You are viewing a plain text version of this content. The canonical link for it is here.
Posted to j-dev@xerces.apache.org by Dave Brosius <db...@qis.net> on 2004/07/08 04:29:47 UTC

Using == on strings

I ran across this in org.apache.xerces.dom.DeferredDocumentImpl

Shouldn't this be 

            if (getChunkValue(fNodeName, achunk, aindex).equals( name)) {

?





    public String getAttribute(int elemIndex, String name) {
        if (elemIndex == -1 || name == null) {
            return null;
        }
        int echunk = elemIndex >> CHUNK_SHIFT;
        int eindex = elemIndex & CHUNK_MASK;
        int attrIndex = getChunkIndex(fNodeExtra, echunk, eindex);
        while (attrIndex != -1) {
            int achunk = attrIndex >> CHUNK_SHIFT;
            int aindex = attrIndex & CHUNK_MASK;
            if (getChunkValue(fNodeName, achunk, aindex) == name) {
                return getChunkValue(fNodeValue, achunk, aindex);
            }
            attrIndex = getChunkIndex(fNodePrevSib, achunk, aindex);
        }
        return null;
    }

Re: Using == on strings

Posted by db...@qis.net.
ah! ok... silly me.

Quoting Sandy Gao <sa...@ca.ibm.com>:

> 
> 
> 
> 
> But when 2 strings are not equal, == gives the "false" answer immediately,
> while equals() still tries other things.
> (Think about "aaaaaaaaaaaaaaaaaaaaaaaaaa" and "aaaaaaaaaaaaaaaaaaaaaaaaab",
> same length and differ at the last point).
> 
> Sandy Gao
> Software Developer, IBM Canada
> (1-905) 413-3255
> sandygao@ca.ibm.com
> 
> 
> dbrosius@qis.net wrote on 07/09/2004 12:36:07 PM:
> 
> > Ok,
> >
> >     Seems like a silly design choice as String.equals does this
> >
> >    public boolean equals(Object anObject) {
> >    if (this == anObject) {
> >        return true;
> >    }
> >
> >         ....
> >         ....
> >
> >
> >
> > There are over 30 String comparisons using == throughout the code, btw.
> >
> > But thanks for clearing that up.
> >
> >
> > Quoting Michael Glavassevich <mr...@ca.ibm.com>:
> >
> > > Hello Dave,
> > >
> > > If you've been looking through the source code you'll notice that in
> many
> > > places we compare strings by reference instead of calling equals.
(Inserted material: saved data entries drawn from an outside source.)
(* Let $A,B \in M_n(\mathbb{R}_+)$ be simultaneously triangularizable. Then the family $\{A, B, [A,B]_\oplus\}$ is also simultaneously triangularizable, where $[A,B]_\oplus = AB \oplus BA$.
   Context: Max algebra: $\mathbb{R}_+$ the nonnegative reals with $a\oplus b=\max\{a,b\}$ and ordinary multiplication; for $A,B\in M_n(\mathbb{R}_+)$, $(AB)_{ij}=\max_k a_{ik}b_{kj}$ and $(A\oplus B)_{ij}=\max\{a_{ij},b_{ij}\}$. $GL_n(\mathbb{R}_+)$ is the set of matrices invertible under this product (the generalized permutation matrices). A family of matrices is simultaneously triangularizable if there is one $P\in GL_n(\mathbb{R}_+)$ such that $P^{-1}XP$ is upper triangular for every member $X$ of the family. $[A,B]_\oplus=AB\oplus BA$ is the max commutator. *)

From mathcomp Require Import all_boot all_order all_algebra.
From mathcomp Require Import reals.
Set Implicit Arguments. Unset Strict Implicit. Unset Printing Implicit Defensive.
Import Order.TTheory GRing.Theory Num.Theory.
Local Open Scope ring_scope.

Definition nonneg_mx (R : realType) (n : nat) (A : 'M[R]_n) : Prop :=
  forall i j, 0 <= A i j.

(* Max-algebra product: (A (x) B)_ij = max_k a_ik b_kj  (0 is the neutral
   element of max on R_+). *)
Definition maxmul (R : realType) (n : nat) (A B : 'M[R]_n) : 'M[R]_n :=
  \matrix_(i, j) \big[Num.max/0]_(k < n) (A i k * B k j).

Definition maxadd (R : realType) (n : nat) (A B : 'M[R]_n) : 'M[R]_n :=
  \matrix_(i, j) Num.max (A i j) (B i j).

Definition maxid (R : realType) (n : nat) : 'M[R]_n :=
  \matrix_(i, j) (if i == j then 1 else 0).

Definition max_invertible (R : realType) (n : nat) (P : 'M[R]_n) : Prop :=
  nonneg_mx P /\
  exists Q : 'M[R]_n, nonneg_mx Q /\ maxmul P Q = maxid R n /\ maxmul Q P = maxid R n.

Definition upper_tri (R : realType) (n : nat) (A : 'M[R]_n) : Prop :=
  forall i j : 'I_n, (j < i)%N -> A i j = 0.

Definition simul_triang (R : realType) (n : nat) (F : 'M[R]_n -> Prop) : Prop :=
  exists P Q : 'M[R]_n,
    nonneg_mx P /\ nonneg_mx Q /\
    maxmul P Q = maxid R n /\ maxmul Q P = maxid R n /\
    forall X, F X -> upper_tri (maxmul (maxmul Q X) P).

Definition maxcomm (R : realType) (n : nat) (A B : 'M[R]_n) : 'M[R]_n :=
  maxadd (maxmul A B) (maxmul B A).

(* Conjugation X |-> Q (x) X (x) P by a max-invertible P with P (x) Q = I is a
   homomorphism for (x) and (+) on nonnegative matrices, because over R_+ the
   max product is associative, has I as unit and distributes over (+).
   Upper triangular matrices are closed under (x) and (+), so conjugating the
   commutator gives the commutator of the upper triangular conjugates of A
   and B, which is again upper triangular. *)
From mathcomp Require Import all_boot all_order all_algebra.
From mathcomp Require Import reals.
Set Implicit Arguments. Unset Strict Implicit. Unset Printing Implicit Defensive.
Import Order.TTheory GRing.Theory Num.Theory.
Local Open Scope ring_scope.

Section BigmaxNonneg.
Variables (R : realDomainType) (I : Type) (r : seq I) (P : pred I).

Lemma mulr_bigmaxr (c : R) (F : I -> R) : 0 <= c ->
  c * \big[Num.max/0]_(i <- r | P i) F i = \big[Num.max/0]_(i <- r | P i) (c * F i).
Proof. by move=> c0; apply: big_endo => [x y|]; rewrite ?maxr_pMr ?mulr0. Qed.

Lemma mulr_bigmaxl (c : R) (F : I -> R) : 0 <= c ->
  (\big[Num.max/0]_(i <- r | P i) F i) * c = \big[Num.max/0]_(i <- r | P i) (F i * c).
Proof.
by move=> c0; apply: (big_endo (fun x => x * c)) => [x y|]; rewrite ?maxr_pMl ?mul0r.
Qed.

End BigmaxNonneg.

Section MaxAlgebra.
Variables (R : realType) (n : nat).
Implicit Types X Y Z : 'M[R]_n.

Lemma maxmul_ge0 X Y : nonneg_mx (maxmul X Y).
Proof. by move=> i j; rewrite mxE bigmax_ge_id. Qed.

Lemma maxmulA X Y Z : nonneg_mx X -> nonneg_mx Z ->
  maxmul X (maxmul Y Z) = maxmul (maxmul X Y) Z.
Proof.
move=> X0 Z0; apply/matrixP => i j; rewrite !mxE.
under eq_bigr => k _ do rewrite mxE (mulr_bigmaxr _ _ _ (X0 i k)).
under [RHS]eq_bigr => l _ do rewrite mxE (mulr_bigmaxl _ _ _ (Z0 l j)).
rewrite exchange_big_idem; last exact: maxxx.
by apply: eq_bigr => l _; apply: eq_bigr => k _; rewrite mulrA.
Qed.

Lemma maxmul1mx X : nonneg_mx X -> maxmul (maxid R n) X = X.
Proof.
move=> X0; apply/matrixP => i j; rewrite mxE (bigmaxD1 i) // mxE eqxx mul1r.
rewrite big1_idem => [|| k /negPf ki]; first exact/max_idPl/X0.
- exact: maxxx.
- by rewrite mxE eq_sym ki mul0r.
Qed.

Lemma maxmulDr X Y Z : nonneg_mx X ->
  maxmul X (maxadd Y Z) = maxadd (maxmul X Y) (maxmul X Z).
Proof.
move=> X0; apply/matrixP => i j; rewrite !mxE -bigmax_split.
by apply: eq_bigr => k _; rewrite mxE maxr_pMr.
Qed.

Lemma maxmulDl X Y Z : nonneg_mx Z ->
  maxmul (maxadd X Y) Z = maxadd (maxmul X Z) (maxmul Y Z).
Proof.
move=> Z0; apply/matrixP => i j; rewrite !mxE -bigmax_split.
by apply: eq_bigr => k _; rewrite mxE maxr_pMl.
Qed.

Lemma upper_tri_maxmul X Y : upper_tri X -> upper_tri Y -> upper_tri (maxmul X Y).
Proof.
move=> uX uY i j ji; rewrite mxE; apply: big1_idem => [|k _]; first exact: maxxx.
have [ki|ik] := ltnP k i; first by rewrite uX ?mul0r.
by rewrite uY ?mulr0 // (leq_trans ji ik).
Qed.

Lemma upper_tri_maxadd X Y : upper_tri X -> upper_tri Y -> upper_tri (maxadd X Y).
Proof. by move=> uX uY i j ji; rewrite mxE uX // uY // maxxx. Qed.

Lemma upper_tri_maxcomm X Y : upper_tri X -> upper_tri Y -> upper_tri (maxcomm X Y).
Proof. by move=> uX uY; apply: upper_tri_maxadd; apply: upper_tri_maxmul. Qed.

Section Conjugation.
Variables P Q : 'M[R]_n.
Hypotheses (P0 : nonneg_mx P) (Q0 : nonneg_mx Q) (PQ : maxmul P Q = maxid R n).

Let mxconj X := maxmul (maxmul Q X) P.

Lemma mxconjM X Y : nonneg_mx Y -> mxconj (maxmul X Y) = maxmul (mxconj X) (mxconj Y).
Proof.
move=> Y0; have PQYP : maxmul P (maxmul (maxmul Q Y) P) = maxmul Y P.
  by rewrite maxmulA // maxmulA // PQ maxmul1mx.
rewrite /mxconj -(maxmulA _ (maxmul_ge0 Q X) (maxmul_ge0 _ P)) PQYP.
by rewrite (maxmulA _ (maxmul_ge0 Q X) P0) -(maxmulA _ Q0 Y0).
Qed.

Lemma mxconjD X Y : mxconj (maxadd X Y) = maxadd (mxconj X) (mxconj Y).
Proof. by rewrite /mxconj maxmulDr // maxmulDl. Qed.

Lemma mxconj_maxcomm X Y : nonneg_mx X -> nonneg_mx Y ->
  mxconj (maxcomm X Y) = maxcomm (mxconj X) (mxconj Y).
Proof. by move=> X0 Y0; rewrite /maxcomm mxconjD !mxconjM. Qed.

End Conjugation.

End MaxAlgebra.

Theorem lemma3p6 (R : realType) (n : nat) (A B : 'M[R]_n) :
  nonneg_mx A -> nonneg_mx B ->
  simul_triang (fun X => X = A \/ X = B) ->
  simul_triang (fun X => X = A \/ X = B \/ X = maxcomm A B).
Proof.
move=> A0 B0 [P [Q [P0 [Q0 [PQ [QP triAB]]]]]].
exists P, Q; do 4 split=> //.
have uA := triAB A (or_introl erefl); have uB := triAB B (or_intror erefl).
move=> X [->|[->|->]] //.
by rewrite mxconj_maxcomm //; apply: upper_tri_maxcomm.
Qed.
For
> > > performance reasons Xerces keeps a table of unique strings for XML
> names
> > > (elements, attributes, entities, etc...) and namespace names (URIs).
> These
> > > strings have all been internalized (by calling String.intern()) so
> unique
> > > references for names and namespace names are passed through the
> parser's
> > > components. Methods which are part of the public API cannot take
> advantage
> > > of this because a user may pass a reference to some other string
> object,
> > > however this method is not part of the DOM API. I did a search for
> > > references to this method using Eclipse and it seems that it's not
> being
> > > called anywhere.
> > >
> > > Thanks.
> > >
> > > "Dave Brosius" <db...@qis.net> wrote on 07/07/2004 10:29:47 PM:
> > >
> > > > I ran across this in org.apache.xerces.dom.DeferredDocumentImpl
> > > >
> > > > Shouldn't this be
> > > >
> > > >             if (getChunkValue(fNodeName, achunk, aindex).equals(
> name))
> > > {
> > > >
> > > > ?
> > > >
> > > >
> > > >     public String getAttribute(int elemIndex, String name) {
> > > >         if (elemIndex == -1 || name == null) {
> > > >             return null;
> > > >         }
> > > >         int echunk = elemIndex >> CHUNK_SHIFT;
> > > >         int eindex = elemIndex & CHUNK_MASK;
> > > >         int attrIndex = getChunkIndex(fNodeExtra, echunk, eindex);
> > > >         while (attrIndex != -1) {
> > > >             int achunk = attrIndex >> CHUNK_SHIFT;
> > > >             int aindex = attrIndex & CHUNK_MASK;
> > > >             if (getChunkValue(fNodeName, achunk, aindex) == name) {
> > > >                 return getChunkValue(fNodeValue, achunk, aindex);
> > > >             }
> > > >             attrIndex = getChunkIndex(fNodePrevSib, achunk, aindex);
> > > >         }
> > > >         return null;
> > > >     }
> > >
> > > Michael Glavassevich
> > > XML Parser Development
> > > IBM Toronto Lab
> > > E-mail: mrglavas@ca.ibm.com
> > > E-mail: mrglavas@apache.org
> >
> >
> >
> >
> > ---------------------------------------------------------------------
> > To unsubscribe, e-mail: xerces-j-dev-unsubscribe@xml.apache.org
> > For additional commands, e-mail: xerces-j-dev-help@xml.apache.org
> >
> 
> 
> ---------------------------------------------------------------------
> To unsubscribe, e-mail: xerces-j-dev-unsubscribe@xml.apache.org
> For additional commands, e-mail: xerces-j-dev-help@xml.apache.org
> 




---------------------------------------------------------------------
To unsubscribe, e-mail: xerces-j-dev-unsubscribe@xml.apache.org
For additional commands, e-mail: xerces-j-dev-help@xml.apache.org


Re: Using == on strings

Posted by Joseph Kesselman <ke...@us.ibm.com>.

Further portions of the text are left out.